No problem, says Cleveland manager Manny Acta, who was Montreal’s third base/infield coach during Cabrera’s last three seasons with the Expos from 2002-04.
“Orlando’s not going to have any issue,” Acta said. “He’s so fundamentally sound that I don’t think he’s going to be affected by the move. This guy is one of the most fundamentally sound infielders that I’ve ever been around. He’s also one of the best baserunners that I have seen in the last 10 years.”
Cabrera is ready to provide it all for the Indians, especially after seeing how the younger players in the clubhouse have taken to him.
“The thing that has impressed me the most is how much respect all these guys have for me,” he said. “That’s something you don’t find in a lot of places.”
It’s all part of a unique season for Cabrera. A new team, a new city, a new position.
Grady Sizemore cleared the final hurdle in his quest to return to the field, running the bases for the third time and sliding for the first time Friday in Goodyear.

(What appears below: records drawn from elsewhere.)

(* Let $J\subset\mathbb N_+$ be finite and let $\mathcal M(M_J,P)_l$ denote the part of the Margolis homology $\mathcal M(M_J,P)=\ker P/\operatorname{im}P$ of reduced length $l$. If $|J|=2t$, then $\dim_{\mathbb F_2}\mathcal M(M_J,P)_l=2^t$ for $l=t$ and $0$ otherwise. If $|J|=2t+1$, then $\dim_{\mathbb F_2}\mathcal M(M_J,P)_l=2^t$ for $l\in\{t,t+1\}$ and $0$ otherwise.
   Context: Over $\mathbb F_2$, $\Lambda(Q_1,P)$ is the exterior algebra on $Q_1,P$, a Hopf algebra with $Q_1$ primitive and $\Delta(P)=P\otimes1+Q_1\otimes Q_1+1\otimes P$. For $i\in\mathbb N_+$, $M_i$ has basis $t_i,x_i$ with $Q_1(x_i)=t_i$, $Q_1(t_i)=0$, $P=0$; for finite $J\subset\mathbb N_+$, $M_J=\bigotimes_{j\in J}M_j$ with action through the coproduct. $M_J$ has basis $t_Ix_{J\setminus I}$ ($I\subseteq J$; the tensor with factor $t_j$ for $j\in I$, $x_j$ otherwise), whose reduced length is $|J\setminus I|$. $Q_1$ lowers reduced length by $1$ and $P$ by $2$, so $\mathcal M(M_J,P)$ splits as a direct sum of its reduced-length-homogeneous parts $\mathcal M(M_J,P)_l$. *)

From HB Require Import structures.
From mathcomp Require Import all_boot all_order all_algebra.
Set Implicit Arguments. Unset Strict Implicit. Unset Printing Implicit Defensive.
Import GRing.Theory.
Local Open Scope ring_scope.

(* Basis of M_j : the boolean [true] stands for x_j, [false] for t_j.
   Structure maps are given by coefficients: [Mq j b c] is the coefficient
   of basis element c in Q_1(b); [Mp j b c] the coefficient of c in P(b). *)
Definition Mq (j : nat) (b c : bool) : 'F_2 := ((b == true) && (c == false))%:R.
Definition Mp (j : nat) (b c : bool) : 'F_2 := 0.

(* M_J = M_{j1} (x) (M_{j2} (x) ( ... (x) F_2)) for J = [:: j1; j2; ...],
   basis = boolean sequences of length size J (tensor basis vectors).
   Action through the coproduct:
     Q1(a (x) m) = Q1 a (x) m + a (x) Q1 m          (Q1 primitive)
     P (a (x) m) = P a (x) m + Q1 a (x) Q1 m + a (x) P m
   (char 2: no signs); on the trivial module F_2 (empty J) Q1, P act by 0. *)
Fixpoint tq (J : seq nat) (s s' : seq bool) : 'F_2 :=
  match J, s, s' with
  | j :: J', b :: r, c :: r' => Mq j b c * (r == r')%:R + (b == c)%:R * tq J' r r'
  | _, _, _ => 0
  end.

Fixpoint tp (J : seq nat) (s s' : seq bool) : 'F_2 :=
  match J, s, s' with
  | j :: J', b :: r, c :: r' =>
      Mp j b c * (r == r')%:R + Mq j b c * tq J' r r' + (b == c)%:R * tp J' r r'
  | _, _, _ => 0
  end.

Definition MJbasis (J : seq nat) := ((size J).-tuple bool)%type.

(* matrix of P acting on row vectors: row i is P(basis element i) *)
Definition Pmx (J : seq nat) : 'M['F_2]_#|{: MJbasis J}| :=
  \matrix_(i, k) tp J (tval (enum_val i : MJbasis J)) (tval (enum_val k : MJbasis J)).

Definition redlen (J : seq nat) (b : MJbasis J) : nat := count id b.

Definition lenpart (J : seq nat) (l : nat) : 'M['F_2]_#|{: MJbasis J}| :=
  \matrix_(i, k) ((i == k) && (redlen (enum_val i : MJbasis J) == l))%:R.

Definition margolisDim (J : seq nat) (l : nat) : nat :=
  (\rank (kermx (Pmx J) :&: lenpart J l)%MS - \rank (Pmx J :&: lenpart J l)%MS)%N.

From mathcomp Require Import all_boot all_order all_algebra.
From mathcomp Require Import ring zify.
Set Implicit Arguments. Unset Strict Implicit. Unset Printing Implicit Defensive.
Import GRing.Theory.
Local Open Scope ring_scope.

(* Let c_z be the dimension of the reduced-length-z part of M_J and r_z the
   rank of P on it; as P lowers reduced length by 2, the Margolis homology in
   length l has dimension c_l - r_l - r_(l+2).  Splitting off one tensor factor
   M_j turns P into [[P, Q_1], [0, P]] and Q_1 into [[Q_1, 1], [0, Q_1]].
   Splitting off two factors, a change of basis built from Q_1 decomposes
   M_j1 (x) M_j2 (x) M into a cone on M, where P is acyclic, and two copies of M
   raised by one in reduced length.  Hence c_z = h_z + r_z + r_(z+2), with h the
   claimed dimensions, propagates from J to {j1, j2} u J, and the cases
   |J| = 0, 1 are immediate. *)

Section Intertwining.
Variables (F : fieldType) (m n : nat) (U : 'M[F]_(m, n)) (W : 'M[F]_(n, m)).

Lemma intertwine_mul (A1 A2 : 'M[F]_m) (B1 B2 : 'M[F]_n) :
  A1 *m U = U *m B1 -> A2 *m U = U *m B2 -> A1 *m A2 *m U = U *m (B1 *m B2).
Proof. by move=> AB1 AB2; rewrite -mulmxA AB2 !mulmxA AB1. Qed.

Hypotheses (UW : U *m W = 1%:M) (WU : W *m U = 1%:M).

Lemma intertwine_eq (A : 'M[F]_m) (B : 'M[F]_n) : A *m U = U *m B -> A = U *m B *m W.
Proof. by move=> AB; rewrite -AB -mulmxA UW mulmx1. Qed.

Lemma intertwine_rank (A : 'M[F]_m) (B : 'M[F]_n) : A *m U = U *m B -> \rank A = \rank B.
Proof.
move=> AB; have BE : B = W *m A *m U by rewrite -mulmxA AB mulmxA WU mul1mx.
apply/eqP; rewrite eqn_leq; apply/andP; split.
  by rewrite (intertwine_eq AB) (leq_trans (mxrankM_maxl _ _)) ?mxrankM_maxr.
by rewrite BE (leq_trans (mxrankM_maxl _ _)) ?mxrankM_maxr.
Qed.

End Intertwining.

Section KernelImageCap.
Variables (F : fieldType) (n : nat) (A L : 'M[F]_n).

Lemma mxrank_ker_cap : \rank (kermx A :&: L)%MS = (\rank L - \rank (L *m A))%N.
Proof. by rewrite -(mxrank_mul_ker L A) addKn capmxC. Qed.

Lemma mxrank_img_cap (L' : 'M[F]_n) :
  L *m L = L -> A *m L = L' *m A -> \rank (A :&: L)%MS = \rank (L' *m A).
Proof.
move=> LL AL; apply/eqP; rewrite eqn_leq; apply/andP; split; apply: mxrankS.
  have /submxP[Y defY] : (A :&: L <= A)%MS by apply: capmxSl.
  have /submxP[Z defZ] : (A :&: L <= L)%MS by apply: capmxSr.
  have -> : (A :&: L)%MS = (A :&: L)%MS *m L by rewrite {2}defZ -mulmxA LL -defZ.
  by rewrite {1}defY -mulmxA AL submxMl.
by rewrite sub_capmx submxMl -AL submxMl.
Qed.

End KernelImageCap.

Section Reindex.
Variables (R : nzRingType) (T : finType) (m : nat) (f : T -> 'I_m) (g : 'I_m -> T).
Hypotheses (fK : cancel f g) (gK : cancel g f).

Definition reindex_mx : 'M[R]_(#|{: T}|, m) := \matrix_(i, k) (f (enum_val i) == k)%:R.

Lemma reindex_mxK : reindex_mx *m reindex_mx^T = 1%:M.
Proof.
apply/matrixP => i i'; rewrite !mxE (bigD1 (f (enum_val i))) //= big1 ?addr0.
  rewrite !mxE eqxx mul1r (can_eq fK) (inj_eq (@enum_val_inj _ _)) eq_sym.
  by case: (i' == i).
by move=> k /negbTE kn; rewrite !mxE eq_sym kn mul0r.
Qed.
(* Let $V$ be a finite-dimensional complex vector space with a Hermitian inner product, $\mathbf G$ a finite group of unitary transformations of $V$, $\mathbf x_0\in V$ a unit vector with full orbit under $\mathbf G$, $\{I\}=\mathbf G_0<\cdots<\mathbf G_m=\mathbf G$ a subgroup sequence, and $\operatorname{CL}(\mathbf G_k/\mathbf G_{k-1})$ ($1\le k\le m$) coset leader sets. If for every $k$ with $1\le k<m$ every induced coset leader in $\operatorname{CL}(\mathbf G/\mathbf G_k)$ is minimal, then the subgroup decoding algorithm decodes correctly with some noise.
   Context: Full orbit: $|\mathbf G\mathbf x_0|=|\mathbf G|$; then $\operatorname{Stab}_{\mathbf G}(\mathbf x_0)=\{I\}$. $\operatorname{CL}(\mathbf G_k/\mathbf G_{k-1})$ is a set of representatives of the left cosets of $\mathbf G_{k-1}$ in $\mathbf G_k$ containing $I$; induced coset leaders $\operatorname{CL}(\mathbf G_l/\mathbf G_k)=\{c_l\cdots c_{k+1}:c_i\in\operatorname{CL}(\mathbf G_i/\mathbf G_{i-1})\}$. Subgroup decoding algorithm: given $\mathbf r$, set $\mathbf r_0=\mathbf r$; for $k=1,\dots,m$ choose $d_k\in\operatorname{CL}(\mathbf G_k/\mathbf G_{k-1})$ minimizing $\|a\mathbf r_{k-1}-\mathbf x_0\|$ over $a\in\operatorname{CL}(\mathbf G_k/\mathbf G_{k-1})$ (ties broken by a fixed ordering), set $\mathbf r_k=d_k\mathbf r_{k-1}$; output $g'=d_m\cdots d_1$. It decodes correctly with some noise if there is $\delta>0$ such that for all $g\in\mathbf G$ and $\mathbf r$ with $\|\mathbf r-g^{-1}\mathbf x_0\|<\delta$ the output is $g$. For a subgroup $H$, $\operatorname{FR}(H)=\{\mathbf x:\|\mathbf x-\mathbf x_0\|<\|h\mathbf x-\mathbf x_0\|\ \forall h\in H\setminus\operatorname{Stab}_H(\mathbf x_0)\}$. For $H\le K$, a coset representative $c$ of $H$ in $K$ is minimal if $\mathbf x_0\in c(\operatorname{FR}(H))$. *)

(* complex numbers R[i] over an arbitrary R : realType (i.e. C),
   V = C^n as column vectors with the standard Hermitian inner product,
   the finite group G given as a group gT with a matrix representation rG. *)
From HB Require Import structures.
From mathcomp Require Import all_boot all_order all_algebra all_fingroup.
From mathcomp Require Import mxrepresentation.
From mathcomp Require Import complex.
From mathcomp Require Import reals.

Set Implicit Arguments.
Unset Strict Implicit.
Unset Printing Implicit Defensive.

Import Order.TTheory GRing.Theory Num.Theory.
Local Open Scope ring_scope.
Local Open Scope group_scope.

Section Defs.
Variable R : realType.
Local Notation C := R[i].

Definition cnorm2 (z : C) : R := complex.Re z ^+ 2 + complex.Im z ^+ 2.

Definition vnorm n (x : 'cV[C]_n) : R := Num.sqrt (\sum_(i < n) cnorm2 (x i 0)).

Definition adjmx n (A : 'M[C]_n) : 'M[C]_n := (map_mx (@conjc R) A)^T.
Definition unitary_mx n (A : 'M[C]_n) : Prop := (A *m adjmx A = 1%:M)%R.

Variables (gT : finGroupType) (G : {group gT}) (n : nat).
Variable rG : mx_representation C G n.
Variable x0 : 'cV[C]_n.

Definition full_orbit : Prop :=
  size (undup [seq (rG g *m x0)%R | g in G]) = #|G|.

Definition coset_leaders (H K : {set gT}) (CL : {set gT}) : Prop :=
  [/\ CL \subset K, 1 \in CL &
      forall x, x \in K -> exists! c, c \in CL /\ x \in c *: H].

(* induced coset leaders CL(G_l / G_k) = { c_l ... c_{k+1} } *)
Fixpoint ind_CL (CL : nat -> {set gT}) (k l : nat) : {set gT} :=
  match l with
  | 0 => [set 1]
  | l'.+1 => if (k < l'.+1)%N then CL l'.+1 * ind_CL CL k l' else [set 1]
  end.

Definition stab (H : {set gT}) : {set gT} :=
  [set h in H | (rG h *m x0)%R == x0].

Definition FR (H : {set gT}) (x : 'cV[C]_n) : Prop :=
  forall h, h \in H :\: stab H ->
    vnorm (x - x0)%R < vnorm (rG h *m x - x0)%R.

Definition minimal_rep (H : {set gT}) (c : gT) : Prop :=
  exists y, FR H y /\ x0 = (rG c *m y)%R.

(* one step of subgroup decoding: choose d in CL minimizing ||a r - x0||,
   ties broken by the fixed total order induced by the injective key [key] *)
Definition better (key : gT -> nat) (r : 'cV[C]_n) (d a : gT) : bool :=
  (vnorm (rG d *m r - x0)%R < vnorm (rG a *m r - x0)%R)
  || ((vnorm (rG d *m r - x0)%R == vnorm (rG a *m r - x0)%R)
      && (key d <= key a)%N).

Definition dec_choice (key : gT -> nat) (CL : {set gT}) (r : 'cV[C]_n) : gT :=
  odflt 1 [pick d in CL | [forall a in CL, better key r d a]].

Fixpoint dec_state (key : gT -> nat) (CL : nat -> {set gT}) (r : 'cV[C]_n)
    (k : nat) : 'cV[C]_n * gT :=
  match k with
  | 0 => (r, 1)
  | k'.+1 =>
      let st := dec_state key CL r k' in
      let d := dec_choice key (CL k'.+1) st.1 in
      ((rG d *m st.1)%R, d * st.2)
  end.

Definition subgroup_decode (key : gT -> nat) (CL : nat -> {set gT}) (m : nat)
    (r : 'cV[C]_n) : gT := (dec_state key CL r m).2.

Definition decodes_correctly_with_noise (key : gT -> nat) (CL : nat -> {set gT})
    (m : nat) : Prop :=
  exists2 delta : R, 0 < delta &
    forall g r, g \in G -> vnorm (r - rG (g^-1)%g *m x0)%R < delta ->
      subgroup_decode key CL m r = g.

End Defs.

He is scheduled to make his exhibition debut Sunday against the Diamondbacks at Goodyear Ballpark, serving as the designated hitter for two at-bats.
That’s the good news. The bad news is that Acta officially declared that Sizemore would not be ready to open the regular season April 1 against the White Sox at Progressive Field.
“It would be too much to ask,” Acta said. “The program we have set up for him, he’s not going to be able to play every day. He’s going to be playing every other day and that’s not going to be enough to get him ready.”
Michael Brantley will most likely fill Sizemore’s vacancy in center field, while Austin Kearns plays left. Sizemore’s absence opens up a spot for Travis Buck as an extra outfielder.
Third baseman Jason Donald is still plagued by a bone bruise in his left hand that has prohibited him from swinging the bat.
Donald hasn’t played since last Friday and has missed a total of 11 games with the injury.
Acta said if Donald is able to play during the final week of spring training that he would be on the opening day roster.
Head trainer Lonnie Soloff is expected to provide an update on Donald’s condition today.
Acta said he has limited the field to two pitchers for the final spot in the Indians’ rotation, but didn’t indicate which one had left the race among right-handers Josh Tomlin and Jeanmar Gomez and left-hander David Huff.
Tomlin (0-0, 1.13 ERA in three games) has clearly pitched better than Gomez (0-1, 6.43 in five games) and Huff (1-1, 8.25 in five games).
“We’re not rushed right now,” Acta said of the final decision. “We need to stretch these guys out, and we’re going to continue to look at them.”
Indians minor leaguers opened their spring training schedule Friday.
* Today, 4:05 p.m., vs. Angels at Tempe Diablo Stadium, WTAM 1100-AM. Justin Masterson (0-1, 6.00) vs. Scott Kazmir (0-1, 3.38).